Read How Long Does It Take to Get Over a Divorce? And 4 Signs You are on Your Way.


Or maybe it’s that you went into your marriage during a different time of your life. Back then, you were younger and your body looked different. Maybe it was before you had children. It’s no secret that childbirth changes our bodies, and many women struggle to deal with their postpartum body and find themselves beautiful again.

Embracing your mom figure and seeing the beauty in your body again can be tough, especially if you’re going through a divorce as well. Perhaps you’ve put on weight, or your mom tummy won’t go.
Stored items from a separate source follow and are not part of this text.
Lemma natural_basis_scale c b (d : 'I_2 -> K) : (forall k, d k != 0) ->
  natural_basis c b -> natural_basis c (fun k => d k *: b k).
Proof.
move=> d_neq0 [b_unit b_orth]; split=> [|i j ij]; last by rewrite amulZl amulZr b_orth // !scaler0.
have -> : basis_mx (fun k => d k *: b k) = diag_mx (\row_k d k) *m basis_mx b.
  by rewrite mul_diag_mx; apply/matrixP => i j; rewrite !mxE.
rewrite unitmx_mul b_unit andbT unitmxE det_diag unitfE.
by apply/prodf_neq0 => k _; rewrite mxE.
Qed.

Lemma alg_iso_mult_table c c' b : basis_mx b \in unitmx ->
  (forall i j, coords b (amul c (b i) (b j)) = c' i j) -> alg_iso c c'.
Proof.
move=> b_unit table; exists (invmx (basis_mx b)); split; first by rewrite unitmx_inv.
move=> x y; rewrite -{1}(coordsK b_unit x) -{1}(coordsK b_unit y) amul_mulmx_basis_mx.
rewrite mulmx_suml; apply: eq_bigr => i _; rewrite mulmx_suml; apply: eq_bigr => j _.
by rewrite -scalemxAl -table.
Qed.

Lemma omega_sq c b i j k m : natural_basis c b ->
  amul c (b j) (b j) = k *: b m -> omega c b i j = k * (i == m)%:R.
Proof.
move=> [b_unit _] bj_sq.
by rewrite /omega bj_sq -scalemxAl -/(coords b (b m)) coords_basis // !mxE eqxx.
Qed.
Or maybe you’re self-conscious about your stretch marks.

Whatever your body hang-ups, underwear brand Knix is helping to challenge these self-hating thoughts and celebrate mom bodies with their inspiring Life After Birth Project. Partnering with online initiate The Empowered Birth Project and doula collective Carriage House Birth, Knix has launched a powerful visual project celebrating the strength and beauty of postpartum bodies.
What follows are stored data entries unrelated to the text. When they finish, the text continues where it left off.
Lemma near_eq_diff {R : realType} {V W : normedModType R} (f g : V -> W) x :
  (\forall y \near x, f y = g y) -> differentiable g x ->
  differentiable f x /\ 'd f x = 'd g x :> (V -> W).
Proof.
move=> fg dg.
have fx : f x = g x := nbhs_singleton fg.
have f_expansion : f \o shift x = cst (f x) + 'd g x +o_ 0 id.
  apply/eqaddoP => e e0.
  have := (eqaddoP _ _ _ _).1 (diff_locally dg) e e0.
  move: fg; rewrite (near_shift 0 x) => fg.
  by apply: filterS2 fg => z /=; rewrite subr0 fx => h; rewrite !fctE /= h.
have dfg : 'd f x = 'd g x :> (V -> W) := diff_unique (diff_continuous dg) f_expansion.
split => //.
by apply/diff_locallyP; rewrite dfg; split => //; exact: diff_continuous.
Qed.

Definition rdot {R : realType} {n : nat} (c y : 'rV[R]_n) : R :=
  \sum_j c 0 j * y 0 j.

Section rdot.
Context {R : realType} {n : nat} (c : 'rV[R]_n).

Lemma rdot_is_linear : linear (rdot c : 'rV[R]_n -> R^o).
Proof.
move=> k u v; rewrite /rdot scaler_sumr -big_split /=; apply: eq_bigr => j _.
by rewrite !mxE mulrDr mulrCA.
Qed.

HB.instance Definition _ := GRing.isLinear.Build R 'rV[R]_n R^o _ (rdot c) rdot_is_linear.

Lemma rdot_continuous : continuous (rdot c).
Proof.
apply: continuous_big => [|j _]; first exact: add_continuous.
by move=> y; apply: continuousM; [exact: cst_continuous | exact: coord_continuous].
Qed.

Lemma diff_rdot x : differentiable (rdot c) x /\ 'd (rdot c) x = rdot c :> (_ -> _).
Proof.
by split; [exact/linear_differentiable/rdot_continuous | exact/diff_lin/rdot_continuous].
Qed.

End rdot.

Section fa_gradient.
Context {R : realType} {m : nat} (a : R).
Implicit Types (x y : 'rV[R]_m.+1) (s t : R).

Definition tail_sum y : R := \sum_(i < m) y 0 (lift ord0 i).

Definition fa_slope s : 'rV[R]_m.+1 := \row_j (if j == ord0 then a * s else 1).

Lemma coord1E y : coord1 y = y 0 ord0.
Proof. by rewrite /coord1 big_mkcond big_ord_recl /= big1 ?addr0. Qed.

Lemma faE y : fa a y = a * `|y 0 ord0| + tail_sum y.
Proof. by rewrite /fa big_ord_recl. Qed.

Lemma rdot_fa_slope s y : rdot (fa_slope s) y = a * s * y 0 ord0 + tail_sum y.
Proof.
rewrite /rdot big_ord_recl !mxE eqxx; congr (_ + _).
by apply: eq_bigr => i _; rewrite !mxE mul1r.
Qed.

Lemma tail_sum_ray x s t : tail_sum (x + t *: - fa_slope s) = tail_sum x - t * m%:R.
Proof.
have -> : m%:R = \sum_(i < m) (1 : R) by rewrite sumr_const card_ord.
rewrite /tail_sum mulr_sumr -sumrB.
by apply: eq_bigr => i _; rewrite !mxE mulrN mulr1.
Qed.

Lemma rdot_fa_slope_opp s' s :
  rdot (fa_slope s') (- fa_slope s) = - (a ^+ 2 * (s' * s)) - m%:R.
Proof.
rewrite rdot_fa_slope !mxE eqxx /tail_sum (eq_bigr (fun=> -1)); last first.
  by move=> i _; rewrite !mxE.
by rewrite sumrN sumr_const card_ord; congr (_ - _); ring.
Qed.

Lemma fa_near_rdot x : x 0 ord0 != 0 ->
  \forall y \near x, fa a y = rdot (fa_slope (Num.sg (x 0 ord0))) y.
Proof.
move=> x0; have x0_gt0 : 0 < `|x 0 ord0| by rewrite normr_gt0.
have := @cvgr_dist_lt _ _ _ (nbhs x) (nbhs_filter x) _ _
  (@coord_continuous _ _ _ 0 ord0 x) _ x0_gt0.
apply: filterS => y /= /ltr_normlP [y1 y2].
rewrite faE rdot_fa_slope -!mulrA; congr (_ * _ + _).
have [x_lt0|x_gt0|] := ltgtP (x 0 ord0) 0; last by move/eqP: x0.
- rewrite ltr0_sg // ltr0_norm // in y1 y2 *; rewrite ltr0_norm; lra.
- rewrite gtr0_sg // gtr0_norm // in y1 y2 *; rewrite gtr0_norm; lra.
Qed.

Lemma diff_fa x : x 0 ord0 != 0 ->
  differentiable (fa a) x /\
  'd (fa a) x = rdot (fa_slope (Num.sg (x 0 ord0))) :> (_ -> _).
Proof.
move=> x0; have [dl dlE] := diff_rdot (fa_slope (Num.sg (x 0 ord0))) x.
have [df dfE] := near_eq_diff _ _ _ (fa_near_rdot _ x0) dl.
by split => //; rewrite dfE dlE.
Qed.

Lemma grad_fa x : x 0 ord0 != 0 -> grad (fa a) x = fa_slope (Num.sg (x 0 ord0)).
Proof.
move=> x0; apply/rowP => j; rewrite /grad mxE (diff_fa _ x0).2 /rdot (bigD1 j) //=.
rewrite !mxE !eqxx mulr1 big1 ?addr0 // => k /negbTE kj.
by rewrite !mxE kj mulr0.
Qed.

End fa_gradient.

Section fa_descent.
Context {R : realType} {m : nat} {a c1 c2 : R}.
Hypotheses (a_gt0 : 0 < a) (m_le_a2 : m%:R <= a ^+ 2) (c1_gt0 : 0 < c1)
  (c1_lt_c2 : c1 < c2) (c2_lt1 : c2 < 1) (tau_le0 : c1 * (a ^+ 2 + m%:R) <= m%:R).
Implicit Types (x y : 'rV[R]_m.+1) (t : R).

Local Notation ray x t := (x + t *: - grad (fa a) x).
Local Notation kink x := (`|x 0 ord0| / a).

Lemma ray_coord0 x t : x 0 ord0 != 0 ->
  (ray x t) 0 ord0 = Num.sg (x 0 ord0) * (a * (kink x - t)).
Proof.
move=> x0; rewrite grad_fa // !mxE eqxx {1}[x 0 ord0]numEsg.
by field; rewrite gt_eqF.
Qed.

Lemma norm_ray_coord0 x t : x 0 ord0 != 0 ->
  `|(ray x t) 0 ord0| = a * `|kink x - t|.
Proof.
by move=> x0; rewrite ray_coord0 // normrM normr_sg x0 mul1r normrM gtr0_norm.
Qed.

Lemma slope_fa_at x y : x 0 ord0 != 0 -> y 0 ord0 != 0 ->
  'd (fa a) y (- grad (fa a) x) =
  - (a ^+ 2 * (Num.sg (y 0 ord0) * Num.sg (x 0 ord0))) - m%:R.
Proof. by move=> x0 y0; rewrite (diff_fa a _ y0).2 grad_fa // rdot_fa_slope_opp. Qed.

Lemma slope_fa x : x 0 ord0 != 0 ->
  'd (fa a) x (- grad (fa a) x) = - (a ^+ 2 + m%:R).
Proof. by move=> x0; rewrite slope_fa_at // -expr2 sqr_sg x0 mulr1 opprD. Qed.

Lemma armijo_fa x t : x 0 ord0 != 0 ->
  armijo (fa a) c1 x (- grad (fa a) x) t <->
  a ^+ 2 * `|kink x - t| - t * m%:R <= a ^+ 2 * kink x - c1 * t * (a ^+ 2 + m%:R).
Proof.
move=> x0; rewrite /armijo slope_fa // !faE norm_ray_coord0 //.
rewrite grad_fa // tail_sum_ray; set v := kink x.
have -> : `|x 0 ord0| = a * v by rewrite mulrC divfK ?gt_eqF.
rewrite -[in X in X <-> _]subr_ge0 -[in X in _ <-> X]subr_ge0.
suff -> : a * (a * v) + tail_sum x + c1 * t * - (a ^+ 2 + m%:R) -
    (a * (a * `|v - t|) + (tail_sum x - t * m%:R)) =
  a ^+ 2 * v - c1 * t * (a ^+ 2 + m%:R) - (a ^+ 2 * `|v - t| - t * m%:R) by [].
ring.
Qed.

Lemma wolfe_fa x t : x 0 ord0 != 0 -> t != kink x ->
  wolfe (fa a) c2 x (- grad (fa a) x) t <->
  - (c2 * (a ^+ 2 + m%:R)) <= - (a ^+ 2 * Num.sg (kink x - t)) - m%:R.
Proof.
move=> x0 tk.
have y0 : (ray x t) 0 ord0 != 0.
  by rewrite -normr_gt0 norm_ray_coord0 // pmulr_rgt0 // normr_gt0 subr_eq0 eq_sym.
have sg_y0 : Num.sg ((ray x t) 0 ord0) * Num.sg (x 0 ord0) = Num.sg (kink x - t).
  rewrite ray_coord0 // !sgrM sgr_id (gtr0_sg a_gt0) mul1r mulrAC -expr2 sqr_sg x0.
  by rewrite mul1r.
have dy := (diff_fa a _ y0).1.
(* Abstracting the trial point keeps rewriting from unifying it with x, which
   is very slow. *)
rewrite /wolfe; set y := ray x t in y0 sg_y0 dy *; clearbody y.
rewrite [leRHS](slope_fa_at _ _ x0 y0) [in leLHS](slope_fa _ x0) sg_y0.
by rewrite mulrN; split => [[]|].
Qed.

Lemma coord0_neq0 x : ~ dyadic (x 0 ord0 / a) -> x 0 ord0 != 0.
Proof. by apply: contra_not_neq => ->; rewrite mul0r; exact: dyadic0. Qed.

Lemma kink_not_dyadic x : ~ dyadic (x 0 ord0 / a) -> ~ dyadic (kink x).
Proof.
by move=> ndx; rewrite -[X in X^-1](gtr0_norm a_gt0) -normf_div => /dyadic_norm.
Qed.
(* The logic $\mathsf{sCond}_{\mathrm{ACL}}^{\mathbf{UC}}=\mathsf{ICK}\oplus(q\to(p\mathrel{\Box\!\!\!\rightarrow} q))\oplus(p\mathrel{\Box\!\!\!\rightarrow}((p\mathrel{\Box\!\!\!\rightarrow} q)\to q))$ is sound and complete with respect to the class of conditional frames $(X,\leq,\mathcal{R})$ such that for all $x,y\in X$ and $R_a\in\mathcal{R}$: $xR_ay$ implies $x\leq y$, and $x(R_a\circ\leq)y$ implies $y(R_a\circ\leq)y$.
   Context: Formulas: $\phi ::= p\mid\bot\mid\phi\wedge\phi\mid\phi\vee\phi\mid\phi\to\phi\mid\phi\mathrel{\Box\!\!\!\rightarrow}\phi$. $\mathsf{ICK}\oplus\Gamma$ is the smallest set containing intuitionistic propositional logic, $\Gamma$, $(p\mathrel{\Box\!\!\!\rightarrow}(q\wedge r))\leftrightarrow((p\mathrel{\Box\!\!\!\rightarrow} q)\wedge(p\mathrel{\Box\!\!\!\rightarrow} r))$ and $(p\mathrel{\Box\!\!\!\rightarrow}\top)\leftrightarrow\top$, closed under uniform substitution, modus ponens and congruence rules for both arguments of $\mathrel{\Box\!\!\!\rightarrow}$. A conditional frame is $(X,\leq,\mathcal{R})$, $(X,\leq)$ a nonempty preorder, $\mathcal{R}=\{R_a\mid a\text{ an upset}\}$ with $(\leq\circ R_a)\subseteq(R_a\circ\leq)$; valuations assign upsets to letters and $x\models\phi\mathrel{\Box\!\!\!\rightarrow}\psi$ iff every $y$ with $xR_{V(\phi)}y$ satisfies $\psi$. Relation composition $R\circ S$ relates $x$ to $z$ if $xRy$ and $ySz$ for some $y$. *)

Inductive form : Type :=
| Var : nat -> form
| Bot : form
| And : form -> form -> form
| Or : form -> form -> form
| Imp : form -> form -> form
| Cond : form -> form -> form.

Definition Top : form := Imp Bot Bot.
Definition Iff (a b : form) : form := And (Imp a b) (Imp b a).

Fixpoint subst (s : nat -> form) (f : form) : form :=
  match f with
  | Var n => s n
  | Bot => Bot
  | And a b => And (subst s a) (subst s b)
  | Or a b => Or (subst s a) (subst s b)
  | Imp a b => Imp (subst s a) (subst s b)
  | Cond a b => Cond (subst s a) (subst s b)
  end.

Inductive ipc_axiom : form -> Prop :=
| A1 a b : ipc_axiom (Imp a (Imp b a))
| A2 a b c : ipc_axiom (Imp (Imp a (Imp b c)) (Imp (Imp a b) (Imp a c)))
| A3 a b : ipc_axiom (Imp (And a b) a)
| A4 a b : ipc_axiom (Imp (And a b) b)
| A5 a b : ipc_axiom (Imp a (Imp b (And a b)))
| A6 a b : ipc_axiom (Imp a (Or a b))
| A7 a b : ipc_axiom (Imp b (Or a b))
| A8 a b c : ipc_axiom (Imp (Imp a c) (Imp (Imp b c) (Imp (Or a b) c)))
| A9 a : ipc_axiom (Imp Bot a).

Definition p : form := Var 0.
Definition q : form := Var 1.
Definition r : form := Var 2.

Inductive ICK (Gamma : form -> Prop) : form -> Prop :=
| ICK_ipc a : ipc_axiom a -> ICK Gamma a
| ICK_gamma a : Gamma a -> ICK Gamma a
| ICK_conj : ICK Gamma (Iff (Cond p (And q r)) (And (Cond p q) (Cond p r)))
| ICK_top : ICK Gamma (Iff (Cond p Top) Top)
| ICK_us s a : ICK Gamma a -> ICK Gamma (subst s a)
| ICK_mp a b : ICK Gamma (Imp a b) -> ICK Gamma a -> ICK Gamma b
| ICK_congl a b c : ICK Gamma (Iff a b) -> ICK Gamma (Iff (Cond a c) (Cond b c))
| ICK_congr a b c : ICK Gamma (Iff a b) -> ICK Gamma (Iff (Cond c a) (Cond c b)).

Inductive Gamma_UC : form -> Prop :=
| G1 : Gamma_UC (Imp q (Cond p q))
| G2 : Gamma_UC (Cond p (Imp (Cond p q) q)).

Definition sCond_ACL_UC : form -> Prop := ICK Gamma_UC.

Definition upset {X : Type} (le : X -> X -> Prop) (a : X -> Prop) : Prop :=
  forall x y, le x y -> a x -> a y.

(* Conditional frame (X, <=, {R_a | a upset}).  R is given on all predicates,
   but only its values on upsets matter; R_ext says R_a depends on a only as a set. *)
Record cframe : Type := {
  W : Type;
  wle : W -> W -> Prop;
  wle_refl : forall x, wle x x;
  wle_trans : forall x y z, wle x y -> wle y z -> wle x z;
  w_inhab : W;
  R : (W -> Prop) -> W -> W -> Prop;
  R_ext : forall a b, (forall x, a x <-> b x) -> forall x y, R a x y <-> R b x y;
  (* (<= o R_a) subset (R_a o <=), composition in diagrammatic order *)
  R_coh : forall a, upset wle a -> forall x y,
      (exists z, wle x z /\ R a z y) -> exists z, R a x z /\ wle z y
}.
As this project shows, finding happiness with your body isn’t about looking to the past and aiming to get back to the previous version of you: it’s about redefining yourself. Celebrate where you are now and what your body has achieved, whether that is growing and nursing healthy children, staying active and healthy, or carrying you through life’s challenges. You are fabulous and so is your body.

Making sense of your past

Making sense of our past is an important stepping stone to finding ourselves after divorce. It helps you to understand yourself, your behavior, and your actions more, which is what really helps us to define ourselves.

It’s not always easy to make sense of your past—especially if you’ve been sharing that past with your Ex and you are no longer together. Looking back at our history can be hurtful and challenging.
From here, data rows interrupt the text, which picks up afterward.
(* (i) Let $(s,p)\in R_{\Lambda,i}$. Then \[ \frac{\prod_{p'=1}^{i+1}L^{(s)}_{+,p'}}{\prod_{1\le p'\le i,\ p'\ne p}(\nu^{(s)}_{i,p}-\nu^{(s)}_{i,p'})}=\hbar'^2(p-i-1), \] and for $s'\ne s$, with $\Delta=a_s-a_{s'}$, \[ \frac{\prod_{p'=1}^{i+1}L^{(s')}_{+,p'}}{\prod_{p'=1}^{i}(\nu^{(s)}_{i,p}-\nu^{(s')}_{i,p'})}=\begin{cases}\hbar'(p-i-1)-\Delta&\text{if }l^{(s')}_{i+1}=l^{(s')}_i,\\ \hbar'(p-i)-\Delta&\text{if }l^{(s')}_{i+1}=l^{(s')}_i+1,\ l^{(s')}_i=i,\\ \dfrac{(\hbar'(p-l^{(s')}_i)-\Delta)(\hbar'(p-i-1)-\Delta)}{\hbar'(p-l^{(s')}_i-1)-\Delta}&\text{if }l^{(s')}_{i+1}=l^{(s')}_i+1,\ l^{(s')}_i\ne i.\end{cases} \] (ii) Let $(s,p)\in A_{\Lambda,i}$. Then \[ \frac{\prod_{p'=1}^{i-1}L^{(s)}_{-,p'}}{\prod_{1\le p'\le i,\ p'\ne p}(\nu^{(s)}_{i,p}-\nu^{(s)}_{i,p'})}=-\frac1{p-i-1}, \] and for $s'\ne s$, with $\Delta=a_s-a_{s'}$, \[ \frac{\prod_{p'=1}^{i-1}L^{(s')}_{-,p'}}{\prod_{p'=1}^{i}(\nu^{(s)}_{i,p}-\nu^{(s')}_{i,p'})}=\begin{cases}\dfrac1{\hbar'(p-i-1)-\Delta}&\text{if }l^{(s')}_{i-1}=l^{(s')}_i,\\ \dfrac1{\hbar'(p-i)-\Delta}&\text{if }l^{(s')}_{i-1}=l^{(s')}_i-1,\ l^{(s')}_i=i,\\ \dfrac{\hbar'(p-l^{(s')}_i-1)-\Delta}{(\hbar'(p-l^{(s')}_i)-\Delta)(\hbar'(p-i-1)-\Delta)}&\text{if }l^{(s')}_{i-1}=l^{(s')}_i-1,\ l^{(s')}_i\ne i.\end{cases} \]
   Context: Work over $\mathbb{C}(\varepsilon_1,\varepsilon_2)$ with $\hbar'=-(\varepsilon_1+\varepsilon_2)$, $t=N\varepsilon_2$, $N\ge2$. Fix $l\ge1$, integers $1\le p_1,\dots,p_l\le N$ and integers $r_1<\dots<r_l$, and set $a_s=tr_s+\hbar'(p_1+\cdots+p_s-\frac32)$. Let $\mathcal S$ be the set of collections of integers $\Lambda=(\lambda^{(s)}_{i,p})$, $1\le s\le l$, $1\le i\le N$, $1\le p\le i$, with $\lambda^{(s)}_{N,p}=1$ for $p\le p_s$ and $0$ for $p>p_s$, and $\lambda^{(s)}_{i,p}\ge\lambda^{(s)}_{i-1,p}\ge\lambda^{(s)}_{i,p+1}$ (so all entries are $0$ or $1$); put $\lambda^{(s)}_{i,p}=0$ for $p>i$. Let $l^{(s)}_i$ be the number of $p$ with $\lambda^{(s)}_{i,p}=1$. For $\Lambda\in\mathcal S$ and $1\le i\le N-1$, $\Lambda\pm\delta^{(s)}_{i,p}$ denotes $\Lambda$ with the $(s,i,p)$ entry changed by $\pm1$; $R_{\Lambda,i}=\{(s,p):\Lambda+\delta^{(s)}_{i,p}\in\mathcal S\}$, $A_{\Lambda,i}=\{(s,p):\Lambda-\delta^{(s)}_{i,p}\in\mathcal S\}$. Set $\nu^{(s)}_{i,p}=\hbar'(p-1-\lambda^{(s)}_{i,p})-a_s$, and for fixed $(s,i,p)$ and any $(s',p')$: $L^{(s')}_{+,p'}=\hbar'(p-p'+\lambda^{(s')}_{i+1,p'})-(a_s-a_{s'})$, $L^{(s')}_{-,p'}=\hbar'(p-p'-1+\lambda^{(s')}_{i-1,p'})-(a_s-a_{s'})$ (empty products are $1$). *)

(* Base field: C(eps1, eps2), realised as the field of
   fractions of the bivariate polynomial ring C[eps1][eps2], where C is
   the field of complex numbers  complex R  over Stdlib's reals R. *)
From HB Require Import structures.
From mathcomp Require Import all_boot all_order all_algebra.
From mathcomp Require Import fraction complex.
From mathcomp Require Import Rstruct.
Set Implicit Arguments. Unset Strict Implicit. Unset Printing Implicit Defensive.
Import Order.TTheory GRing.Theory Num.Theory.
Local Open Scope ring_scope.

Definition Cx : fieldType := (Rdefinitions.R)[i].
Definition Kpoly : idomainType := {poly {poly Cx}}.
Definition K : fieldType := {fraction Kpoly}.

Definition eps1 : K := tofrac (('X : {poly Cx})%:P : Kpoly).
Definition eps2 : K := tofrac ('X : Kpoly).
Definition hbar' : K := - (eps1 + eps2).
Definition tpar (N : nat) : K := N%:R * eps2.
For many of us, we got into a relationship with our Ex (or Exes) at a completely different stage in our lives—and sometimes, very very young. Maybe too young, even. Perhaps this “forever” relationship papered over some cracks in your life that you haven’t thought about in a long, long time, such as your upbringing. Whatever happened in your past, now is a good time to make sense of it all. By doing so, you will start to understand yourself wholly and do the work that is deeply necessary for your divorce recovery.

This could be your own solo exploration of your past—perhaps writing a journal to become more self-aware or doing exercises involving looking back on your memories and previous life without anger or bitterness. You may even find fondness and gratitude, but if this is too hard, then at least try to find neutrality. The rest will come with time.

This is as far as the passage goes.